Shifted bilinear sums of Sali\'e sums and the distribution of modular square roots of shifted primes

TL;DR

This paper derives bounds on shifted bilinear sums involving Salié sums modulo large primes and applies these to analyze the distribution of modular square roots of shifted primes, revealing new challenges when the shift is non-zero.

Contribution

It introduces new bounds on shifted bilinear sums with Salié sums and applies them to study the distribution of solutions to quadratic congruences over primes, especially for non-zero shifts.

Findings

Established bounds on Type-I and Type-II shifted bilinear sums with Salié sums.
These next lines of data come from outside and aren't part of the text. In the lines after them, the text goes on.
Definition reducible_below i z D (p : MP) :=
  exists2 q, in_ideal_lt i (p - q) &
    forall nu, nu \in msupp q -> w nu < z /\ L nu <= D.

Lemma reducible_below0 i z D : reducible_below i z D 0.
Proof. by exists 0 => [|nu]; rewrite ?subr0 ?msupp0 //; apply: in_ideal_lt0. Qed.

Lemma reducible_belowD i z D p p' :
  reducible_below i z D p -> reducible_below i z D p' -> reducible_below i z D (p + p').
Proof.
move=> [q Hq Hsq] [q' Hq' Hsq']; exists (q + q').
  by rewrite opprD addrACA; apply: in_ideal_ltD.
by move=> nu /msuppD_le; rewrite mem_cat => /orP[/Hsq|/Hsq'].
Qed.

Lemma reducible_below_low i z D (a : R) nu :
  w nu < z -> L nu <= D -> reducible_below i z D (a *: 'X_[nu]).
Proof.
move=> lt_nu le_nu; exists (a *: 'X_[nu]); first by rewrite subrr; apply: in_ideal_lt0.
by move=> nu' /msuppZ_le; rewrite msuppX mem_seq1 => /eqP->.
Qed.

Lemma reducible_below_div i z D (a : R) nu (j : 'I_c) :
  (j < i)%N -> (M j <= nu)%MM -> w nu <= z -> L nu <= D ->
  reducible_below i z D (a *: 'X_[nu]).
Proof.
move=> lt_ji Mj_nu le_nu le_Lnu; set nu' := (nu - M j)%MM.
have nuE : nu = (nu' + M j)%MM by rewrite submK.
exists (- (a *: 'X_[nu'] * G j)).
  have -> : a *: 'X_[nu] - - (a *: 'X_[nu'] * G j) = a *: 'X_[nu'] * gen j.
    by rewrite opprK /gen mulrDr -[_ * 'X_[M j]]scalerAl -mpolyXD -nuE.
  by apply: in_ideal_ltMl; apply: in_ideal_lt_gen.
move=> nu2; rewrite (perm_mem (msuppN _)) -scalerAl => /msuppZ_le.
move=> /msuppM_le/allpairsP [[b1 b2] /= [+ Hb2 ->]].
rewrite msuppX mem_seq1 => /eqP->; have [lt_b2 Lb2] := G_lower Hb2.
split; first by rewrite wD; apply: lt_le_trans le_nu; rewrite nuE wD ltrD2l.
by rewrite LD Lb2 -LD -nuE.
Qed.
Analyzed the distribution of solutions to x^2 ≡ ap + b mod q over primes p.

Identified new difficulties in the case when b ≠ 0.

Abstract

We establish various upper bounds on Type-I and Type-II shifted bilinear sums with Sali\'e sums modulo a large prime $q$. We use these bounds to study, for fixed integers $a,b\not \equiv 0 \bmod q$, the distribution ofsolutions to the congruence $x^2 \equiv ap+b \bmod q$, over primes $p\le P$. This is similar to the recently studied case of $b = 0$, however the case $b\not \equiv 0 \bmod q$ exhibits some new difficulties.